First Comprehensive Report of Clinical Fusarium Strains Isolated in the State of Sao Paulo (Brazil) and Identified by MALDI-TOF MS and Molecular Biology

The aim of this study was to compare the performance of matrix-assisted laser desorption/ionization time-of-flight mass spectrometry (MALDI-TOF MS), phenotypic and molecular methods for the identification of Fusarium species complexes isolated from clinical cases in the State of Sao Paulo (Brazil) between the years 2001 and 2017. Sequencing of ITS region of ribosomal DNA and elongation factor 1 alpha gene (ET1α) were used as reference method in the analysis of a total of 108 Fusarium spp. clinical strains isolated from human hosts with superficial and systemic infections. Agreement between MALDI-TOF-MS and molecular data was observed for 97 out of 108 clinical isolates (89.8%), whereas five (4.6%) and six (5.5%) clinical isolates were misidentified and were not identified by MALDI-TOF MS, respectively. ITS region sequences and MALDI-TOF MS mass spectra identified and grouped correctly most of Fusarium clinical isolates at species complex level. This investigation highlights the potential of MALDI-TOF MS technique as a fast and cost-efficient alternative for clinical Fusarium identification. However, MALDI-TOF MS requires a more accurate and larger database. This work is the first comprehensive report for Fusarium population, based on phenotypic analyses, proteomic profile by MALDI-TOF and phylogenetic analyses of Fusarium species complexes isolated from clinical cases in the State of Sao Paulo, Brazil.

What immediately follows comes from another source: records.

(* Let $X$ be a completely subscalable nonnegative random variable and let $g : [0,\infty) \to [0,\infty)$ be an increasing (non-decreasing) convex function with $g(0) = 0$. Then the random variable $Y := g(X)$ is completely subscalable.
   Context: A nonnegative random variable $X$ with survival function $\overline{F}(x)=\mathbb{P}(X>x)$ is called completely subscalable if $\theta \, \overline{F}(x) \leq \overline{F}(x/\theta)$ for all $x \geq 0$ and all $\theta \in (0,1)$. *)

From HB Require Import structures.
From mathcomp Require Import all_boot all_order all_algebra.
From mathcomp Require Import all_classical all_reals all_analysis.
Set Implicit Arguments. Unset Strict Implicit. Unset Printing Implicit Defensive.
Import Order.TTheory GRing.Theory Num.Theory.
Local Open Scope classical_set_scope.
Local Open Scope ring_scope.

Definition survival d (T : measurableType d) (R : realType)
  (P : probability T R) (X : T -> R) (x : R) : \bar R :=
  P [set w | x < X w].

Definition completely_subscalable d (T : measurableType d) (R : realType)
  (P : probability T R) (X : T -> R) : Prop :=
  [/\ measurable_fun setT X,
      (forall w, 0 <= X w) &
      forall (x theta : R), 0 <= x -> 0 < theta -> theta < 1 ->
        (theta%:E * survival P X x <= survival P X (x / theta))%E].

From HB Require Import structures.
From mathcomp Require Import all_boot all_order all_algebra.
From mathcomp Require Import all_classical all_reals all_analysis.
From mathcomp Require Import ring lra measurable_realfun.
Import Order.TTheory GRing.Theory Num.Theory.
Local Open Scope classical_set_scope.
Local Open Scope ring_scope.

(* For x >= 0 the superlevel set {y >= 0 | x < g y} is an up-set, as g is
   nondecreasing, and it is open: a convex g is left-continuous at every s > 0,
   and g 0 = 0 <= x.  Hence it is a ray ]s, +oo[ and P(g X > x) = P(X > s).
   Convexity with g 0 = 0 also gives g (theta y) <= theta g y, so X > s / theta
   forces g X > x / theta: subscalability of X at s transfers to g X at x. *)

Section nondecreasing_convex_on_nonneg.
Context {R : realType} {g : R -> R}.
Hypothesis g_nd : forall x y : R, 0 <= x -> x <= y -> g x <= g y.
Hypothesis g_convex : forall x y t : R, 0 <= x -> 0 <= y -> 0 <= t -> t <= 1 ->
  g (t * x + (1 - t) * y) <= t * g x + (1 - t) * g y.
Hypothesis g0 : g 0 = 0.

Lemma convex_scale_le (y t : R) : 0 <= y -> 0 <= t -> t <= 1 ->
  g (t * y) <= t * g y.
Proof.
move=> y0 t0 t1; have := g_convex _ _ _ y0 (lexx 0) t0 t1.
by rewrite g0 !mulr0 !addr0.
Qed.

(* Convexity along ts < s < 2s, with s = (ts + (1 - t) 2s) / (2 - t). *)
Lemma convex_left_estimate (s t : R) : 0 <= s -> 0 <= t -> t <= 1 ->
  g s - (1 - t) * (g (2 * s) - g s) <= g (t * s).
Proof.
move=> s0 t0 t1; have t2 : 0 < 2 - t by lra.
have a0 : 0 <= (2 - t)^-1 by rewrite invr_ge0 ltW.
have a1 : (2 - t)^-1 <= 1 by rewrite invr_le1 ?unitfE ?gt_eqF //; lra.
have := g_convex _ _ _ (mulr_ge0 t0 s0) (mulr_ge0 (ler0n _ 2) s0) a0 a1.
have -> : (2 - t)^-1 * (t * s) + (1 - (2 - t)^-1) * (2 * s) = s.
  by field; rewrite gt_eqF.
have -> : (2 - t)^-1 * g (t * s) + (1 - (2 - t)^-1) * g (2 * s)
          = (g (t * s) + (1 - t) * g (2 * s)) / (2 - t).
  by field; rewrite gt_eqF.
rewrite ler_pdivlMr //; lra.
Qed.

Lemma superlevel_left_open (x s : R) : 0 < s -> x < g s ->
  exists2 r, 0 <= r < s & x < g r.
Proof.
move=> s0 xs; pose D := g (2 * s) - g s.
have D0 : 0 <= D by rewrite subr_ge0 g_nd //; lra.
pose e := (g s - x) / (D + (g s - x)).
have den0 : 0 < D + (g s - x) by lra.
have e0 : 0 < e by rewrite divr_gt0 //; lra.
have e1 : e <= 1 by rewrite ler_pdivrMr // mul1r; lra.
have eD : e * D < g s - x.
  by rewrite /e mulrAC ltr_pdivrMr // ltr_pM2l; lra.
have t0 : 0 <= 1 - e by lra.
have t1 : 1 - e <= 1 by lra.
exists ((1 - e) * s); first by rewrite mulr_ge0 ?(ltW s0) //=; nra.
have := convex_left_estimate _ _ (ltW s0) t0 t1.
rewrite -/D => est; lra.
Qed.

Lemma superlevel_threshold (x : R) :
  0 <= x -> (exists2 y : R, 0 <= y & x < g y) ->
  exists2 s : R, 0 <= s & forall y : R, 0 <= y -> (x < g y) = (s < y).
Proof.
move=> x0 [y1 y1_ge0 xy1]; pose S := [set y | 0 <= y /\ x < g y].
have SN : S !=set0 by exists y1.
have lbS : has_lbound S by exists 0 => y [].
exists (inf S); first by apply: lb_le_inf => // y [].
move=> y y0; apply/idP/idP => [xy | Sy]; last first.
  have [z [z0 xz] zy] := inf_lt SN Sy.
  exact: lt_le_trans xz (g_nd _ _ z0 (ltW zy)).
have y_gt0 : 0 < y.
  by rewrite lt_neqAle y0 andbT; apply: contraTneq xy => <-; rewrite g0 -leNgt.
have [r /andP[r0 ry] xr] := superlevel_left_open _ _ y_gt0 xy.
have Sr : inf S <= r by apply: ge_inf.
exact: le_lt_trans Sr ry.
Qed.

End nondecreasing_convex_on_nonneg.

Section survival_monotone.
Context {d : measure_display} {T : measurableType d} {R : realType}.

Lemma measurable_gtr_preimage (f : T -> R) (a : R) :
  measurable_fun setT f -> measurable [set w | a < f w].
Proof.
move=> mf; have := mf measurableT `]a, +oo[%classic (measurable_itv _).
rewrite setTI; congr measurable.
by apply/seteqP; split=> w /=; rewrite in_itv /= andbT.
Qed.

(* g is only monotone on the half-line, so compose with the nondecreasing
   function y |-> g (max y 0), which agrees with g on the range of f. *)
Lemma measurable_comp_nondecreasing_nonneg {f : T -> R} {g : R -> R} :
  measurable_fun setT f -> (forall w, 0 <= f w) ->
  (forall x y, 0 <= x -> x <= y -> g x <= g y) ->
  measurable_fun setT (g \o f).
Proof.
move=> mf f_ge0 g_nd.
have -> : g \o f = (fun y => g (Num.max y 0)) \o f.
  by apply: funext => w /=; rewrite max_l.
apply: measurableT_comp mf; apply: nondecreasing_measurable => // a b ab /=.
apply: g_nd; first by rewrite le_max lexx orbT.
by rewrite ge_max !le_max ab lexx !orbT.
Qed.

Lemma le_survival (P : probability T R) (X Y : T -> R) (a b : R) :
  measurable_fun setT X -> measurable_fun setT Y ->
  (forall w, a < X w -> b < Y w) -> (survival P X a <= survival P Y b)%E.
Proof.
move=> mX mY XY; apply: le_measure => //; rewrite inE.
- exact: measurable_gtr_preimage.
- exact: measurable_gtr_preimage.
Qed.

End survival_monotone.

Theorem lemma8 (d : measure_display) (T : measurableType d) (R : realType)
  (P : probability T R) (X : T -> R) (g : R -> R) :
  completely_subscalable P X ->
  (forall x, 0 <= x -> 0 <= g x) ->
  (forall x y, 0 <= x -> x <= y -> g x <= g y) ->
  (forall x y t, 0 <= x -> 0 <= y -> 0 <= t -> t <= 1 ->
     g (t * x + (1 - t) * y) <= t * g x + (1 - t) * g y) ->
  g 0 = 0 ->
  completely_subscalable P (g \o X).
Proof.
move=> [mX X_ge0 X_sub] g_ge0 g_nd g_convex g0.
have mgX := measurable_comp_nondecreasing_nonneg mX X_ge0 g_nd.
split=> // [w | x th x0 th0 th1]; first exact: g_ge0.
have [[y y0 xy] | no_y] := pselect (exists2 y : R, 0 <= y & x < g y); last first.
  have -> : survival P (g \o X) x = 0%E.
    rewrite /survival [X in P X](_ : _ = set0) ?measure0 //.
    by apply/seteqP; split=> w //= xw; apply: no_y; exists (X w).
  by rewrite mule0 measure_ge0.
have [s s0 threshold] :=
  superlevel_threshold g_nd g_convex g0 _ x0 (ex_intro2 _ _ y y0 xy).
have -> : survival P (g \o X) x = survival P X s.
  rewrite /survival; congr (P _).
  by apply/seteqP; split=> w /=; rewrite threshold.
apply: le_trans (X_sub s th s0 th0 th1) _; apply: le_survival => // w sw.
have : x < g (th * X w).
  by rewrite threshold ?mulr_ge0 ?(ltW th0) // mulrC -ltr_pdivrMr.
rewrite ltr_pdivrMr // [_ * th]mulrC => /lt_le_trans; apply.
exact: convex_scale_le g_convex g0 _ _ (X_ge0 w) (ltW th0) (ltW th1).
Qed.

Spectral Grouping of Nominally Aspergillus versicolor Microbial-Collection Deposits by MALDI-TOF MS

Historical microbial collections often contain samples that have been deposited over extended time periods, during which accepted taxonomic classification (and also available methods for taxonomic assignment) may have changed considerably. Deposited samples can, therefore, have historical taxonomic assignments (HTAs) that may now be in need of revision, and subdivisions of previously-accepted taxa may also be possible with the aid of current methodologies. One such methodology is matrix-assisted laser-desorption and ionization time-of-flight mass spectrometry (MALDI-TOF MS). Motivated by the high discriminating power of MALDI-TOF MS coupled with the speed and low cost of the method, we have investigated the use of MALDI-TOF MS for spectral grouping of past deposits made to the Centre for Agriculture and Bioscience International (CABI) Genetic Resource Collection under the HTA Aspergillus versicolor, a common ascomycete fungus frequently associated with soil and plant material, food spoilage, and damp indoor environments. Despite their common HTA, the 40 deposits analyzed in this study fall into six clear spectral-linkage groups (containing nine, four, four, four, four, and two members, respectively), along with a group of ten spectrally-unique samples. This study demonstrates the clear resolving power of MALDI-TOF MS when applied to samples deposited in historical microbial collections.